Description from Flora of China

Herbs perennial or annual, terrestrial or rarely aquatic. Stems usually leafy. Leaves usually both basal and along stem, lower leaves petiolate, petiole expanded into sheath at base; leaf blade simple, palmately divided, 1- or 2-ternate or, rarely, pinnate. Inflorescence a solitary terminal or leaf-opposed flower, or a simple or compound monochasium. Flowers bisexual, actinomorphic. Receptacle ± convex, sometimes forming androgynophore (Ranunculus angustisepalus). Sepals (3--)5(--7), usually greenish, occasionally dark reddish or purple, very rarely abaxial sepal appendiculate (R. angustisepalus), deciduous or, rarely, persistent. Petals (3--)5(--10), yellow, rarely white, exceptionally red (not in Flora area), base shortly clawed, with foveolate adaxial nectary pit which is sometimes covered by a scale. Stamens numerous or rarely few. Carpels numerous, sessile or rarely stalked (R. podocarpus); ovule 1 per carpel, basal; style usually present, with adaxial stigmatic tissue, sometimes absent; distinct stigma usually absent. Fruit aggregate, globose, ovoid, or cylindric, with numerous achenes. Achenes ovoid, obovoid, or slightly to strongly bilaterally compressed, smooth, sometimes tuberculate or spiny, sometimes marginate or winged along sutures, usually greenish, black in R. melanogynus. Seeds with a copious endosperm and small embryo.
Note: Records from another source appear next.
(* Consider a finite game: players $I=\{1,\ldots,n\}$, finite nonempty pure strategy sets $S_i$, $S=\prod_i S_i$, payoffs $g_i\colon S\to\mathbb{R}$, mixed strategy sets $\Sigma_i$ (probability distributions on $S_i$), $\Sigma=\prod_i\Sigma_i\subseteq\mathbb{R}^k$ with the Euclidean distance, and $f_i\colon\Sigma\to\mathbb{R}$ the multilinear extension of $g_i$. Let $r\colon\Sigma\to S$ be a root function. Then for all $\sigma\in\Sigma$ and $i\in I$: (i) $\alpha_{r_i(\sigma)}(\sigma_i)>0$ and $A_i^{r_i(\sigma)}(\sigma)=0$; (ii) for every $s\in S_i$, if $s\notin\operatorname{supp}(\sigma_i)$ then $s\notin\operatorname{supp}(r_i(\sigma))$; (iii) if $(\sigma^k)_{k\in\mathbb{N}}$ is a sequence in $\Sigma$ with $\sigma^k\to\sigma$, $i\Uparrow\sigma^k$ for all $k$, and $A_i(\sigma)=0$, then $T(\sigma)=0$.
   Context: Pure strategies $s\in S_i$ are identified with degenerate distributions in $\Sigma_i$. For $\sigma_i\in\Sigma_i$ and $s\in S_i$, $\alpha_s(\sigma_i)$ is the probability $\sigma_i$ assigns to $s$, and $\operatorname{supp}(\sigma_i)=\{s:\alpha_s(\sigma_i)>0\}$. For $\sigma\in\Sigma$, $\sigma(i,s)$ is the profile obtained by replacing $\sigma_i$ by $s$. Define $A_i^s(\sigma)=\max\{f_i(\sigma(i,s))-f_i(\sigma),0\}$, $A_i(\sigma)=\max_{s\in S_i}A_i^s(\sigma)$, $T(\sigma)=\sum_{i\in I}A_i(\sigma)$, and write $i\Uparrow\sigma$ if $A_i(\sigma)>\frac{T(\sigma)}{n+1}$. A root function is a map $r\colon\Sigma\to S$ such that for all $\sigma\in\Sigma$ and $i\in I$, $r_i(\sigma)\in\operatorname{supp}(\sigma_i)$ and $A_i^{r_i(\sigma)}(\sigma)=0$. *)

From HB Require Import structures.
From mathcomp Require Import all_boot all_order all_algebra.
From mathcomp Require Import all_classical all_reals all_analysis.
Set Implicit Arguments. Unset Strict Implicit. Unset Printing Implicit Defensive.
Import Order.TTheory GRing.Theory Num.Theory.
Local Open Scope ring_scope.
Local Open Scope classical_set_scope.

Section FiniteGame.
Variables (R : realType) (n : nat) (S : 'I_n -> finType).

(* A (possibly mixed) profile: for each player i, a real-valued function on S_i.
   Sigma is the subset of those that are probability distributions. *)
Definition Prof := forall i : 'I_n, {ffun S i -> R}.

Definition PureProf := {dffun forall i : 'I_n, S i}.

Definition is_distr (i : 'I_n) (t : {ffun S i -> R}) : Prop :=
  (forall s, 0 <= t s) /\ \sum_(s : S i) t s = 1.

Definition mixed (sigma : Prof) : Prop := forall i, is_distr (sigma i).

(* pure strategy s identified with the degenerate distribution at s *)
Definition delta (i : 'I_n) (s : S i) : {ffun S i -> R} :=
  [ffun t => (t == s)%:R].

(* alpha_s(sigma_i) is just sigma i s; support *)
Definition supp (i : 'I_n) (t : {ffun S i -> R}) : {set S i} :=
  [set s | 0 < t s].

Definition upd (sigma : Prof) (i : 'I_n) (t : {ffun S i -> R}) : Prof :=
  fun j => match i =P j with
           | ReflectT e => eq_rect i (fun k => {ffun S k -> R}) t j e
           | ReflectF _ => sigma j
           end.

Variable g : 'I_n -> PureProf -> R.

Definition f (i : 'I_n) (sigma : Prof) : R :=
  \sum_(s : PureProf) (\prod_(j < n) sigma j (s j)) * g i s.

Definition Again (i : 'I_n) (s : S i) (sigma : Prof) : R :=
  Num.max (f i (upd sigma (delta s)) - f i sigma) 0.

(* max over s in S_i of Again (all values are >= 0, so 0 as neutral is harmless) *)
Definition Amax (i : 'I_n) (sigma : Prof) : R :=
  \big[Num.max/0]_(s : S i) Again s sigma.

Definition Ttot (sigma : Prof) : R := \sum_(i < n) Amax i sigma.

Definition up (i : 'I_n) (sigma : Prof) : Prop :=
  Amax i sigma > Ttot sigma / (n.+1)%:R.

Definition is_root (r : Prof -> forall i : 'I_n, S i) : Prop :=
  forall sigma, mixed sigma -> forall i,
    r sigma i \in supp (sigma i) /\ Again (r sigma i) sigma = 0.

Definition edist (sigma tau : Prof) : R :=
  Num.sqrt (\sum_(i < n) \sum_(s : S i) (sigma i s - tau i s) ^+ 2).

Definition prof_cvg (sk : nat -> Prof) (sigma : Prof) : Prop :=
  edist (sk k) sigma @[k --> \oo] --> 0%R.

End FiniteGame.

(* For (iii), the
   multilinear payoffs are polynomials in the coordinates of the profile, so
   A_i and T are continuous on Sigma. The strict inequalities
   A_i(sigma^k) > T(sigma^k)/(n+1) thus pass to the weak inequality
   T(sigma)/(n+1) <= A_i(sigma) = 0 in the limit, and T >= 0 forces T(sigma) = 0. *)
From Pilot Require Import Defs.
From HB Require Import structures.
From mathcomp Require Import all_boot all_order all_algebra.
From mathcomp Require Import all_classical all_reals all_analysis.
Import Order.TTheory GRing.Theory Num.Theory.
Local Open Scope ring_scope.
Local Open Scope classical_set_scope.
Import numFieldNormedType.Exports.

Lemma maxr_continuous (K : realFieldType) :
  continuous (fun z : K * K => Num.max z.1 z.2).
Proof.
have -> : (fun z : K * K => Num.max z.1 z.2) =
          (fun z => (z.1 + z.2 + `|z.1 - z.2|) / 2).
  by apply/funext => z; rewrite maxr_absE.
move=> z; apply: cvgM; last exact: cvg_cst.
apply: cvgD; first exact: cvgD cvg_fst cvg_snd.
by apply: cvg_norm; apply: cvgB; [exact: cvg_fst | exact: cvg_snd].
Qed.

Section FiniteGame.
Variables (R : realType) (n : nat) (S : 'I_n -> finType).

Lemma supp_delta i (s : S i) : supp (delta R s) = [set s]%SET.
Proof.
by apply/setP => t; rewrite !inE ffunE; case: (t == s); rewrite ?ltr01 ?ltxx.
Qed.

Definition coord_cvg (sk : nat -> Prof R S) (sigma : Prof R S) : Prop :=
  forall i s, sk k i s @[k --> \oo] --> sigma i s.

(* Qualified: a bare [edist] is MathComp-Analysis' extended distance. *)
Lemma coord_dist_le_edist (sigma tau : Prof R S) i s :
  `|sigma i s - tau i s| <= Defs.edist sigma tau.
Proof.
rewrite -sqrtr_sqr; apply: ler_wsqrtr.
have sqr_sum_ge0 j (P : pred (S j)) :
    0 <= \sum_(t | P t) (sigma j t - tau j t) ^+ 2.
  by apply: sumr_ge0 => t _; exact: sqr_ge0.
rewrite (bigD1 i) //= (bigD1 s) //= -addrA lerDl.
by apply: addr_ge0; [exact: sqr_sum_ge0 | apply: sumr_ge0 => j _; exact: sqr_sum_ge0].
Qed.

Lemma prof_cvg_coord sk sigma : prof_cvg sk sigma -> coord_cvg sk sigma.
Proof.
move=> sk_cvg i s; apply/subr_cvg0; apply: norm_cvg0.
apply: (squeeze_cvgr _ (cvg_cst 0) sk_cvg).
by near=> k; rewrite normr_ge0 coord_dist_le_edist.
Unshelve. all: by end_near.
Qed.

Lemma coord_cvg_upd sk sigma i (t : {ffun S i -> R}) :
  coord_cvg sk sigma -> coord_cvg (fun k => upd (sk k) t) (upd sigma t).
Proof.
move=> sk_cvg j u; rewrite /upd.
by case: (i =P j) => [e|_]; [exact: cvg_cst | exact: sk_cvg].
Qed.

Variable g : 'I_n -> PureProf S -> R.

Lemma Amax_ge0 i sigma : 0 <= Amax g i sigma.
Proof.
apply: (big_ind (fun x => 0 <= x)) => // [x y x_ge0 _ | s _].
  by rewrite le_max x_ge0.
by rewrite /Again le_max lexx orbT.
Qed.

Lemma Ttot_ge0 sigma : 0 <= Ttot g sigma.
Proof. by apply: sumr_ge0 => i _; exact: Amax_ge0. Qed.

Lemma cvg_f sk sigma i : coord_cvg sk sigma ->
  f g i (sk k) @[k --> \oo] --> f g i sigma.
Proof.
move=> sk_cvg; apply: cvg_big => [|s _]; first exact: add_continuous.
apply: cvgM; last exact: cvg_cst.
by apply: cvg_big => [|j _]; [exact: mul_continuous | exact: sk_cvg].
Qed.

Section Continuity.
Variables (sk : nat -> Prof R S) (sigma : Prof R S).
Hypothesis sk_cvg : coord_cvg sk sigma.

Lemma cvg_Again i (s : S i) : Again g s (sk k) @[k --> \oo] --> Again g s sigma.
Proof.
apply: continuous2_cvg; first exact: (@maxr_continuous R (_, _)).
  by apply: cvgB; apply: cvg_f => //; exact: coord_cvg_upd.
exact: cvg_cst.
Qed.

Lemma cvg_Amax i : Amax g i (sk k) @[k --> \oo] --> Amax g i sigma.
Proof.
apply: cvg_big => [|s _]; [exact: maxr_continuous | exact: cvg_Again].
Qed.

Lemma cvg_Ttot : Ttot g (sk k) @[k --> \oo] --> Ttot g sigma.
Proof. by apply: cvg_big => [|i _]; [exact: add_continuous | exact: cvg_Amax]. Qed.

Lemma up_limit_le i : (forall k, up g i (sk k)) ->
  Ttot g sigma / n.+1%:R <= Amax g i sigma.
Proof.
move=> sk_up; rewrite -subr_ge0.
have gap_cvg : (Amax g i (sk k) - Ttot g (sk k) / n.+1%:R) @[k --> \oo] -->
               Amax g i sigma - Ttot g sigma / n.+1%:R.
  by apply: cvgB; [exact: cvg_Amax | apply: cvgM; [exact: cvg_Ttot | exact: cvg_cst]].
apply: (cvgr_to_ge gap_cvg); near=> k.
by rewrite subr_ge0 ltW //; exact: sk_up.
Unshelve. all: by end_near.
Qed.

Lemma up_limit_Ttot_eq0 i : (forall k, up g i (sk k)) -> Amax g i sigma = 0 ->
  Ttot g sigma = 0.
Proof.
move=> /up_limit_le + Amax0; rewrite Amax0 pmulr_lle0 ?invr_gt0 ?ltr0n // => Ttot_le0.
by apply/eqP; rewrite eq_le Ttot_le0 Ttot_ge0.
Qed.

End Continuity.

End FiniteGame.

Theorem mainTheorem3 (R : realType) (n : nat) (S : 'I_n -> finType)
  (HS : forall i, (0 < #|S i|)%N)
  (g : 'I_n -> PureProf S -> R)
  (r : Prof R S -> forall i : 'I_n, S i)
  (Hr : is_root g r) :
  forall sigma : Prof R S, mixed sigma -> forall i : 'I_n,
    [/\ 0 < sigma i (r sigma i) /\ Again g (r sigma i) sigma = 0,
        (forall s : S i, s \notin supp (sigma i) ->
                         s \notin supp (delta R (r sigma i)))
      & (forall sk : nat -> Prof R S,
           (forall k, mixed (sk k)) ->
           prof_cvg sk sigma ->
           (forall k, up g i (sk k)) ->
           Amax g i sigma = 0 ->
           Ttot g sigma = 0)].
Proof.
move=> sigma sigma_mixed i.
have [r_supp r_Again0] := Hr sigma sigma_mixed i.
split.
- by split => //; rewrite inE in r_supp.
- move=> s s_notin; rewrite supp_delta inE.
  by apply: contraNneq s_notin => ->.
- by move=> sk _ /prof_cvg_coord sk_cvg; exact: up_limit_Ttot_eq0 sk_cvg i.
Qed.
Much use has to be made of the form of the leaf blade which varies from simple and entire through to ternately compound. The following terms are used in this account: 3-sect, i.e., divided almost to petiole so as to be almost compound; 3-partite, i.e., divided for half or more of the length of the leaf blade; 3-fid, i.e., divided for less than half of the length of the leaf blade; and 3-lobed, i.e., shallowly and irregularly divided. Some species are very variable and hence have been keyed out several times in the following key.

Species nos. 1–81 in this account belong to Ranunculus sect. Auricomus (Spach) Tamura, a taxonomically difficult group in which apomixis is known to occur.

About 550 species: widespread on all continents except Antarctica, mainly in N temperate regions; 125 species (66 endemic) in China.